**THE TASK:**
Repeat exactly the lines below that lie between the line with "have [H eH]" and the line with "- move=> c;", counting both of those lines as part of the answer.

___ PROVIDED ENTRIES

(* Let $(\mathcal{P},\cdot)$ be a finite-dimensional admissible Poisson algebra. Its nilradical $\mathcal{N}(\mathcal{P})$ (the unique maximal two-sided ideal of $(\mathcal{P},\cdot)$ consisting of nilpotent elements) coincides with the largest Lie ideal of $\mathfrak{g}_{\mathcal{P}}$ contained in the Jacobson radical $\mathcal{J}(\mathcal{A}_{\mathcal{P}})$ of the commutative associative algebra $\mathcal{A}_{\mathcal{P}}$.
   Context: $\mathbb{K}$ is a field of characteristic different from $2$ and $3$. Associator: $A(X,Y,Z)=(X\cdot Y)\cdot Z-X\cdot(Y\cdot Z)$. An admissible Poisson algebra is a $\mathbb{K}$-vector space $\mathcal{P}$ with a bilinear product $\cdot$ satisfying $3A(X,Y,Z)=(X\cdot Z)\cdot Y+(Y\cdot Z)\cdot X-(Y\cdot X)\cdot Z-(Z\cdot X)\cdot Y$ for all $X,Y,Z$. Its bracket $\{X,Y\}=\frac12(X\cdot Y-Y\cdot X)$ is a Lie bracket and its symmetrized product $X\bullet Y=\frac12(X\cdot Y+Y\cdot X)$ is commutative and associative; $\mathfrak{g}_{\mathcal{P}}=(\mathcal{P},\{\,,\,\})$, $\mathcal{A}_{\mathcal{P}}=(\mathcal{P},\bullet)$. Powers: $X^1=X$, $X^{i+1}=X\cdot X^i$; $X$ is nilpotent if $X^r=0$ for some $r$. *)

From HB Require Import structures.
From mathcomp Require Import all_boot all_order all_algebra.
Set Implicit Arguments. Unset Strict Implicit. Unset Printing Implicit Defensive.
Import GRing.Theory.
Local Open Scope ring_scope.

Section AdmissiblePoisson.
Variables (K : fieldType) (V : vectType K) (mul : V -> V -> V).

Definition bilinear_prod : Prop :=
  (forall (a : K) (x y z : V), mul (a *: x + y) z = a *: mul x z + mul y z) /\
  (forall (a : K) (x y z : V), mul z (a *: x + y) = a *: mul z x + mul z y).

Definition assoc3 (x y z : V) : V := mul (mul x y) z - mul x (mul y z).

Definition admissible_identity : Prop :=
  forall x y z : V,
    3%:R *: assoc3 x y z =
      mul (mul x z) y + mul (mul y z) x - mul (mul y x) z - mul (mul z x) y.

Definition pbracket (x y : V) : V := (2%:R)^-1 *: (mul x y - mul y x).
Definition psym (x y : V) : V := (2%:R)^-1 *: (mul x y + mul y x).

(* powers: mpow x n = X^(n+1), i.e. X^1 = X, X^(i+1) = X . X^i *)
Fixpoint mpow (x : V) (n : nat) : V :=
  match n with 0 => x | n'.+1 => mul x (mpow x n') end.

Definition nilpotent_elt (x : V) : Prop := exists n : nat, mpow x n = 0.

Definition two_sided_ideal (U : {vspace V}) : Prop :=
  forall x y : V, x \in U -> mul x y \in U /\ mul y x \in U.

Definition lie_ideal (U : {vspace V}) : Prop :=
  forall x y : V, x \in U -> pbracket x y \in U.

Definition sym_ideal (U : {vspace V}) : Prop :=
  forall x y : V, x \in U -> psym x y \in U.

Definition is_nilradical (N : {vspace V}) : Prop :=
  [/\ two_sided_ideal N, (forall x, x \in N -> nilpotent_elt x) &
      forall I : {vspace V}, two_sided_ideal I ->
        (forall x, x \in I -> nilpotent_elt x) -> (I <= N)%VS].

(* quasi-regularity in the (possibly non-unital) commutative algebra (P,•) *)
Definition quasi_regular (x : V) : Prop := exists y : V, x + y + psym x y = 0.

Definition is_jacobson_radical (J : {vspace V}) : Prop :=
  [/\ sym_ideal J, (forall x, x \in J -> quasi_regular x) &
      forall I : {vspace V}, sym_ideal I ->
        (forall x, x \in I -> quasi_regular x) -> (I <= J)%VS].

Definition is_largest_lie_ideal_in (J M : {vspace V}) : Prop :=
  [/\ lie_ideal M, (M <= J)%VS &
      forall I : {vspace V}, lie_ideal I -> (I <= J)%VS -> (I <= M)%VS].

End AdmissiblePoisson.

(** The symmetrized product of an admissible Poisson algebra is associative and
    every bracket [{x, -}] is a derivation of it.  Hence powers in [(P, .)] and
    in [(P, •)] agree, so the nil two-sided ideals of [(P, .)] are exactly the
    Lie ideals of [g_P] that are nil ideals of [A_P].  In finite dimension the
    Jacobson radical [J] of [A_P] is nil: if [x \in J], the powers of [x] are
    linearly dependent, so some [x^i] satisfies [x^i = x^i • u] with [u \in J],
    and quasi-regularity of [-u] forces [x^i = 0].  Finally the largest Lie
    ideal [N] inside [J] is also an ideal of [A_P]: by the derivation rule,
    [N + N • P] is again a Lie ideal inside [J]. *)

From HB Require Import structures.
From mathcomp Require Import all_boot all_order all_algebra ring.
From mathcomp Require Import boolp.
Set Implicit Arguments. Unset Strict Implicit. Unset Printing Implicit Defensive.
Import GRing.Theory.
Local Open Scope ring_scope.

Lemma coord_vbasis_inj (K : fieldType) (V : vectType K) (u v : V) :
  (forall i, coord (vbasis fullv) i u = coord (vbasis fullv) i v) -> u = v.
Proof.
move=> eq_uv; rewrite (coord_vbasis (memvf u)) (coord_vbasis (memvf v)).
by apply: eq_bigr => i _; rewrite eq_uv.
Qed.

Lemma greatest_subspace (K : fieldType) (V : vectType K) (P : {vspace V} -> Prop) :
  P 0%VS -> (forall U W, P U -> P W -> P (U + W)%VS) ->
  exists2 U, P U & forall W, P W -> (W <= U)%VS.
Proof.
move=> P0 PD; pose has_dim n := `[< exists U, P U /\ \dim U = n >].
have exP : exists n, has_dim n by exists 0%N; apply/asboolP; exists 0%VS; rewrite dimv0.
have ubP n : has_dim n -> (n <= \dim (fullv : {vspace V}))%N.
  by move=> /asboolP[U [_ <-]]; exact: dimvS (subvf U).
case: (ex_maxnP exP ubP) => _ /asboolP[U [PU <-]] maxU.
exists U => // W PW; have /eqP <- : (W + U)%VS == U.
  by rewrite eq_sym eqEdim addvSr maxU //; apply/asboolP; exists (W + U)%VS; auto.
exact: addvSl.
Qed.

Section AdmissiblePoissonAlgebra.
Variables (K : fieldType) (V : vectType K) (mul : V -> V -> V).
Hypothesis char2 : 2%:R != 0 :> K.
Hypothesis char3 : 3%:R != 0 :> K.
Hypothesis mul_bilinear : bilinear_prod mul.
Hypothesis mul_admissible : admissible_identity mul.

Local Notation s := (psym mul).
Local Notation b := (pbracket mul).
Lemma star_K1_KK c x : coedge c x -> (forall s t, coedge s t -> s = c \/ t = c) ->
  exists m : nat, (2 <= m <= n)%N /\ isomorphic e (K1_KK n m).
Proof.
move=> cx star; have [_ irr] := sg; set S := [set t | coedge c t].
have cS : c \notin S by rewrite inE /coedge eqxx.
have [f f_bij blockf] := block_labelling cS.
exists #|S|.+1; split.
  rewrite ltnS card_gt0; apply/andP; split; first by apply/set0Pn; exists x; rewrite inE.
  by have := max_card (c |: S); rewrite cardsU1 cS.
exists f; split => // y z; rewrite /K1_KK !blockf (inj_eq (bij_inj f_bij)).
have [<- | yz] := eqVneq y z; first by rewrite irr.
have -> : e y z = ~~ coedge y z by rewrite /coedge yz negbK.
have -> : coedge y z = ((y == c) && (z \in S)) || ((z == c) && (y \in S)).
  apply/idP/idP => [yz' | /orP [] /andP [/eqP ->]]; rewrite ?inE //; last first.
    by rewrite coedge_sym.
  case: (star y z yz') => E; rewrite E in yz' *; first by rewrite eqxx yz'.
  by rewrite eqxx [coedge c y]coedge_sym yz' orbT.
have [-> | yc] := eqVneq y c; have [-> | zc] := eqVneq z c.
- by rewrite (negbTE cS).
- by case: (z \in S).
- by case: (y \in S).
- by case: (y \in S); case: (z \in S).
Qed.

Lemma K1_KK_star m : (2 <= m <= n)%N -> isomorphic e (K1_KK n m) ->
  exists c s, coedge c s /\ (forall x y, coedge x y -> x = c \/ y = c).
Proof.
case/andP => m2 mn [f [[g fg gf] fe]].
have n2 : (2 <= n)%N := leq_trans m2 mn.
have n0 : (0 < n)%N := ltnW n2.
have n1 : (n.-1 < n)%N by rewrite ltn_predL.
pose i0 : 'I_n := Ordinal n0; pose i1 : 'I_n := Ordinal n1.
have f_inj : injective f := can_inj fg.
have block_le2 (i : 'I_n) : (block m i <= 2)%N.
  by rewrite /block; case: ifP => //; case: ifP.
have block0 (i : 'I_n) : block m i = 0%N -> i = i0.
  rewrite /block; case: ifP => [/eqP i_0 _ | _]; last by case: ifP.
  exact: val_inj.
have block_i1 : block m i1 = 2%N.
  rewrite /block /=; case: (n) n2 mn => [|[|k]] //= _ km.
  have -> : (k.+1 <= k.+2 - m)%N = false by apply/negbTE; rewrite -ltnNge; lia.
  by [].
exists (g i0), (g i1); split.
  rewrite /coedge fe !gf /K1_KK /= block_i1 andbF andbT.
  apply/eqP => /(congr1 f); rewrite !gf => /(congr1 val) /=.
  by case: (n) n2 => [|[|k]].
move=> x y /andP [xy]; rewrite fe /K1_KK (inj_eq f_inj) xy /=.
move: (block_le2 (f x)) (block_le2 (f y)) (@block0 (f x)) (@block0 (f y)).
case: (block m (f x)) => [|[|[|]]] //; case: (block m (f y)) => [|[|[|]]] //=.
all: move=> _ _ hx hy _; first [by left; apply: f_inj; rewrite (hx erefl) gf |
                                by right; apply: f_inj; rewrite (hy erefl) gf].
Qed.

End Complement.
Lemma invariant_poly_a0_multiple P :
    (forall c : K, sigma_poly (iota c) P = P) ->
  exists k f, A0 ^+ k * P = Psi f.
Proof.
move=> P_inv; have [k [Q eQ]] := Phi_localization P.
have tau_inv c : tau (iota c) Q = Q.
  by apply: Phi_inj; rewrite Phi_tau eQ rmorphM rmorphXn /= P_inv sigma_poly_a0.
have [H eH] : exists H, poly_a1 Q = H \Po \prod_(c : K) ('X + (shift_a0 c)%:P).
  apply: (shift_invariant_comp_orbit shift_a0_inj shift_a0D) => c.
  by rewrite -poly_a1_tau tau_inv.
have orbit_a1 : (\prod_(c : K) ('X + (shift_a0 c)%:P)).[A1] = beta iota.
  by rewrite horner_prod; apply: eq_bigr => c _; rewrite hornerD hornerX hornerC.
(* The coefficients of H may involve a1; zeta removes it without changing poly_a1 Q. *)
pose H' := map_poly zeta H.
have eQH' : Q = H'.[beta iota].
  rewrite -[Q]horner_poly_a1 -map_poly_zeta_poly_a1 eH map_comp_poly horner_comp.
  rewrite -orbit_a1 rmorph_prod; congr (_.[_.[_]]); apply: eq_bigr => c _.
  rewrite rmorphD /= map_polyX map_polyC; congr (_ + _%:P).
  by rewrite /shift_a0 /= rmorphM /= comp_mpolyC comp_mpoly3E.
have H'_beta : comp_mpoly [tuple A0; beta iota; A2] H'.[A1] = H'.[beta iota].
  rewrite -horner_map /= comp_mpoly3E -map_poly_comp.
  by congr horner; apply: eq_map_poly => x /=; rewrite comp_mpoly_zeta.
exists k, H'.[A1]; rewrite -eQ eQH' -H'_beta comp_mpoly3A !comp_mpoly3E.
by rewrite Phi_beta.
Qed.

End InvariantPolynomials.

Section InvariantFractions.
Variables (K : finFieldType) (F : fieldType) (iota : {rmorphism K -> F}).
Local Notation R := {mpoly F[3]}.

Lemma frac_invariant_denominator (x : {fraction R}) : exists u v : R,
  [/\ v != 0, forall c : K, sigma_poly (iota c) v = v & x = tofrac u / tofrac v].
Proof.
set N := (frac (repr x)).1; set D := (frac (repr x)).2.
have D_neq0 : D != 0 := denom_ratioP _.
pose D' := \prod_(d | d != 0) sigma_poly (iota d) D.
have D'_neq0 : D' != 0 by apply/prodf_neq0 => d _; rewrite sigma_poly_eq0.
have orbit_D : \prod_(d : K) sigma_poly (iota d) D = D * D'.
  by rewrite (bigD1 0) //= rmorph0 sigma_poly0.
exists (N * D'), (D * D'); split.
- by rewrite mulf_neq0.
- move=> c; rewrite -orbit_D rmorph_prod [RHS](reindex_inj (addrI c)) /=.
  by apply: eq_bigr => d _; rewrite sigma_polyD rmorphD.
- by rewrite [LHS]frac_repr !rmorphM /= -mulf_div divff ?mulr1 // tofrac_eq0.
Qed.

Lemma invariant_frac_numerator (u v : R) : v != 0 ->
    (forall c : K, sigma_poly (iota c) v = v) ->
    (forall c : K, sigma (iota c) (tofrac u / tofrac v) = tofrac u / tofrac v) ->
  forall c : K, sigma_poly (iota c) u = u.
Proof.
move=> v_neq0 v_inv x_inv c; have := x_inv c; rewrite sigma_frac // v_inv.
have vV_neq0 : (tofrac v)^-1 != 0 by rewrite invr_eq0 tofrac_eq0.
by move/(mulIf vV_neq0)/eqP; rewrite tofrac_eq => /eqP.
Qed.

End InvariantFractions.

Theorem lemma2p3 (p n : nat) (K : finFieldType) (F : fieldType)
  (iota : {rmorphism K -> F}) :
  prime p -> (2 < p)%N -> (0 < n)%N -> #|K| = (p ^ n)%N ->
  forall x : {fraction {mpoly F[3]}},
    (forall c : K, sigma (iota c) x = x) <->
    in_gen_field (a0 F) (beta iota) (Delta F) x.
Proof.
move=> _ _ _ _ x; split; last exact: sigma_in_gen_field.
move=> x_inv; have [u [v [v_neq0 v_inv ex]]] := frac_invariant_denominator iota x.
rewrite {}ex in x_inv *.
have u_inv := invariant_frac_numerator v_neq0 v_inv x_inv.
have [k [f ef]] := invariant_poly_a0_multiple u_inv.
have [j [h eh]] := invariant_poly_a0_multiple v_inv.
have a0X_neq0 i : a0 F ^+ i != 0 by rewrite expf_neq0 // a0_neq0.
have Psi_a0X i g : comp_mpoly [tuple a0 F; beta iota; Delta F] (a0 F ^+ i * g) =
    a0 F ^+ i * comp_mpoly [tuple a0 F; beta iota; Delta F] g.
  by rewrite rmorphM rmorphXn /= comp_mpoly3_a0.
exists (a0 F ^+ j * f), (a0 F ^+ k * h); rewrite !Psi_a0X -ef -eh.
split; first by rewrite !mulf_neq0.
apply/eqP; rewrite eqr_div ?tofrac_eq0 ?mulf_neq0 // -!rmorphM tofrac_eq.
by apply/eqP; ring.
Qed.
Lemma is_derive_C_unique (f : R -> C) x l1 l2 :
  is_derive f x l1 -> is_derive f x l2 -> l1 = l2.
Proof.
  intros [H1 K1]%is_derive_C [H2 K2]%is_derive_C.
  apply C_ext.
  - exact (eq_trans (eq_sym (is_derive_unique _ _ _ H1)) (is_derive_unique _ _ _ H2)).
  - exact (eq_trans (eq_sym (is_derive_unique _ _ _ K1)) (is_derive_unique _ _ _ K2)).
Qed.

Lemma is_derive_Cmult_l (c : C) (g : R -> C) x l :
  is_derive g x l -> is_derive (fun y => Cmult c (g y)) x (Cmult c l).
Proof.
  intros [H1 H2]%is_derive_C. destruct c as [c1 c2].
  apply is_derive_C; split; simpl.
  - exact (is_derive_minus _ _ _ _ _ (is_derive_scal _ _ c1 _ H1) (is_derive_scal _ _ c2 _ H2)).
  - exact (is_derive_plus _ _ _ _ _ (is_derive_scal _ _ c1 _ H2) (is_derive_scal _ _ c2 _ H1)).
Qed.

Lemma harmonic_ode_zero (k l : R) (u du ddu : R -> R) :
  k <> 0 ->
  (forall x, is_derive u x (du x)) -> (forall x, is_derive du x (ddu x)) ->
  (forall x, 0 <= x <= l -> ddu x = - (k ^ 2 * u x)) ->
  u 0 = 0 -> du 0 = 0 ->
  forall x, 0 <= x <= l -> u x = 0 /\ du x = 0.
Proof.
  intros hk Hu Hdu Hode u0 du0 x hx.
  (* the energy [du^2 + k^2 u^2] is constant on [0, l] and vanishes at 0 *)
  set (E := fun y => du y ^ 2 + k ^ 2 * u y ^ 2).
  set (dE := fun y => 2 * du y * (ddu y + k ^ 2 * u y)).
  assert (HE : forall y, is_derive E y (dE y)).
  { intro y.
    replace (dE y) with (INR 2 * ddu y * du y ^ 1 + k ^ 2 * (INR 2 * du y * u y ^ 1))
      by (unfold dE; simpl; ring).
    exact (is_derive_plus _ _ _ _ _ (is_derive_pow _ 2 _ _ (Hdu y))
             (is_derive_scal _ _ _ _ (is_derive_pow _ 2 _ _ (Hu y)))). }
  assert (Ex : E x = 0).
  { destruct (MVT_gen E 0 x dE) as [c [Hc Hmvt]].
    - intros y _. apply HE.
    - intros y _. apply derivable_continuous_pt. eexists. apply is_derive_Reals, HE.
    - rewrite Rmin_left, Rmax_right in Hc by lra.
      unfold dE in Hmvt. rewrite Hode in Hmvt by lra.
      unfold E in *. rewrite u0, du0 in Hmvt. lra. }
  unfold E in Ex.
  assert (0 < k ^ 2) by (apply pow2_gt_0; exact hk).
  pose proof (pow2_ge_0 (du x)). pose proof (pow2_ge_0 (u x)).
  assert (u x ^ 2 = 0) by nra.
  split; [|assert (du x ^ 2 = 0) by nra]; nra.
Qed.

Lemma harmonic_ode_zero_C (k l : R) (h h' h'' : R -> C) :
  k <> 0 ->
  (forall x, is_derive h x (h' x)) -> (forall x, is_derive h' x (h'' x)) ->
  (forall x, 0 <= x <= l -> Copp (h'' x) = Cmult (RtoC (k ^ 2)) (h x)) ->
  h 0 = RtoC 0 -> h' 0 = RtoC 0 ->
  forall x, 0 <= x <= l -> h x = RtoC 0 /\ h' x = RtoC 0.
Proof.
  intros hk Hh Hh' Hode h0 h'0 x hx.
  pose proof (fun y => proj1 (is_derive_C _ _ _) (Hh y)) as Dh.
  pose proof (fun y => proj1 (is_derive_C _ _ _) (Hh' y)) as Dh'.
  destruct (harmonic_ode_zero k l (fun y => fst (h y)) (fun y => fst (h' y)) (fun y => fst (h'' y))
              hk (fun y => proj1 (Dh y)) (fun y => proj1 (Dh' y))) with x as [Hre Hre'];
    [| rewrite h0; reflexivity | rewrite h'0; reflexivity | exact hx |].
  { intros y hy. specialize (Hode y hy). apply (f_equal fst) in Hode. simpl in Hode. lra. }
  destruct (harmonic_ode_zero k l (fun y => snd (h y)) (fun y => snd (h' y)) (fun y => snd (h'' y))
              hk (fun y => proj2 (Dh y)) (fun y => proj2 (Dh' y))) with x as [Him Him'];
    [| rewrite h0; reflexivity | rewrite h'0; reflexivity | exact hx |].
  { intros y hy. specialize (Hode y hy). apply (f_equal snd) in Hode. simpl in Hode. lra. }
  split; apply C_ext; assumption.
Qed.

______

**THE COMPLETED TASK:**
have [H eH] : exists H, poly_a1 Q = H \Po \prod_(c : K) ('X + (shift_a0 c)%:P).
  apply: (shift_invariant_comp_orbit shift_a0_inj shift_a0D) => c.
  by rewrite -poly_a1_tau tau_inv.
have orbit_a1 : (\prod_(c : K) ('X + (shift_a0 c)%:P)).[A1] = beta iota.
  by rewrite horner_prod; apply: eq_bigr => c _; rewrite hornerD hornerX hornerC.
(* The coefficients of H may involve a1; zeta removes it without changing poly_a1 Q. *)
pose H' := map_poly zeta H.
have eQH' : Q = H'.[beta iota].
  rewrite -[Q]horner_poly_a1 -map_poly_zeta_poly_a1 eH map_comp_poly horner_comp.
  rewrite -orbit_a1 rmorph_prod; congr (_.[_.[_]]); apply: eq_bigr => c _.
  rewrite rmorphD /= map_polyX map_polyC; congr (_ + _%:P).
  by rewrite /shift_a0 /= rmorphM /= comp_mpolyC comp_mpoly3E.
have H'_beta : comp_mpoly [tuple A0; beta iota; A2] H'.[A1] = H'.[beta iota].
  rewrite -horner_map /= comp_mpoly3E -map_poly_comp.
  by congr horner; apply: eq_map_poly => x /=; rewrite comp_mpoly_zeta.
exists k, H'.[A1]; rewrite -eQ eQH' -H'_beta comp_mpoly3A !comp_mpoly3E.
by rewrite Phi_beta.
Qed.

End InvariantPolynomials.

Section InvariantFractions.
Variables (K : finFieldType) (F : fieldType) (iota : {rmorphism K -> F}).
Local Notation R := {mpoly F[3]}.

Lemma frac_invariant_denominator (x : {fraction R}) : exists u v : R,
  [/\ v != 0, forall c : K, sigma_poly (iota c) v = v & x = tofrac u / tofrac v].
Proof.
set N := (frac (repr x)).1; set D := (frac (repr x)).2.
have D_neq0 : D != 0 := denom_ratioP _.
pose D' := \prod_(d | d != 0) sigma_poly (iota d) D.
have D'_neq0 : D' != 0 by apply/prodf_neq0 => d _; rewrite sigma_poly_eq0.
have orbit_D : \prod_(d : K) sigma_poly (iota d) D = D * D'.
  by rewrite (bigD1 0) //= rmorph0 sigma_poly0.
exists (N * D'), (D * D'); split.
- by rewrite mulf_neq0.
- move=> c; rewrite -orbit_D rmorph_prod [RHS](reindex_inj (addrI c)) /=.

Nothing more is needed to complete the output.